PROVIDED RECORDS:
(* Let $T\in L_{aut}(\mathcal B)$ be generalized hyperbolic. Then either $\overline{B(T)}=\mathcal B$, or $T$ has a hyperbolic component. More precisely, if $\overline{B(T)}\neq\mathcal B$ then the map induced by $T$ on the quotient space $\mathcal B/\overline{B(T)}$ is hyperbolic.
   Context: $\mathcal B$ is a Banach space. $T$ is generalized hyperbolic if there is a decomposition $\mathcal B=E^-\oplus E^+$ into complementary closed subspaces with $T(E^+)\subset E^+$, $T^{-1}(E^-)\subset E^-$, and $T|_{E^+}$, $T^{-1}|_{E^-}$ uniform contractions. The bounded set $B(T)$ is the set of $x$ for which there exist $K>0$ and strictly increasing sequences of positive integers $(k_n),(m_n)$ with $|T^{k_n}x|<K$ and $|T^{-m_n}x|<K$; for generalized hyperbolic $T$, $\overline{B(T)}$ is a closed subspace with $T(\overline{B(T)})=\overline{B(T)}$. An operator is hyperbolic if its spectrum does not meet the unit circle. $T$ has a hyperbolic component if there is a closed subspace $F\ne\mathcal B$ with $T(F)=F$ such that the induced map on $\mathcal B/F$ is hyperbolic. *)

From Stdlib Require Import Reals.
Open Scope R_scope.

Record Cx : Type := mkCx { Re : R ; Im : R }.
Definition Cadd (a b : Cx) : Cx := mkCx (Re a + Re b) (Im a + Im b).
Definition Cmul (a b : Cx) : Cx :=
  mkCx (Re a * Re b - Im a * Im b) (Re a * Im b + Im a * Re b).
Definition Cone : Cx := mkCx 1 0.
Definition Cabs (a : Cx) : R := sqrt (Re a * Re a + Im a * Im a).

Record CBanach : Type := {
  vec :> Type;
  vzero : vec;
  vadd : vec -> vec -> vec;
  vopp : vec -> vec;
  vscal : Cx -> vec -> vec;
  vnorm : vec -> R;
  vadd_assoc : forall x y z, vadd x (vadd y z) = vadd (vadd x y) z;
  vadd_comm : forall x y, vadd x y = vadd y x;
  vadd_0 : forall x, vadd x vzero = x;
  vadd_opp : forall x, vadd x (vopp x) = vzero;
  vscal_1 : forall x, vscal Cone x = x;
  vscal_assoc : forall a b x, vscal a (vscal b x) = vscal (Cmul a b) x;
  vscal_distr_v : forall a x y, vscal a (vadd x y) = vadd (vscal a x) (vscal a y);
  vscal_distr_s : forall a b x, vscal (Cadd a b) x = vadd (vscal a x) (vscal b x);
  vnorm_nonneg : forall x, 0 <= vnorm x;
  vnorm_eq0 : forall x, vnorm x = 0 -> x = vzero;
  vnorm_triangle : forall x y, vnorm (vadd x y) <= vnorm x + vnorm y;
  vnorm_scal : forall a x, vnorm (vscal a x) = Cabs a * vnorm x;
  vcomplete : forall u : nat -> vec,
    (forall eps, 0 < eps -> exists N, forall m n, (N <= m)%nat -> (N <= n)%nat ->
        vnorm (vadd (u m) (vopp (u n))) < eps) ->
    exists l, forall eps, 0 < eps -> exists N, forall n, (N <= n)%nat ->
        vnorm (vadd (u n) (vopp l)) < eps
}.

TASK BRIEF: In the entries above, find each line that has the word "vscal". Copy it.

RESPONSE TO THE TASK:
  vscal : Cx -> vec -> vec;
  vscal_1 : forall x, vscal Cone x = x;
  vscal_assoc : forall a b x, vscal a (vscal b x) = vscal (Cmul a b) x;
  vscal_distr_v : forall a x y, vscal a (vadd x y) = vadd (vscal a x) (vscal a y);
  vscal_distr_s : forall a b x, vscal (Cadd a b) x = vadd (vscal a x) (vscal b x);
  vnorm_scal : forall a x, vnorm (vscal a x) = Cabs a * vnorm x;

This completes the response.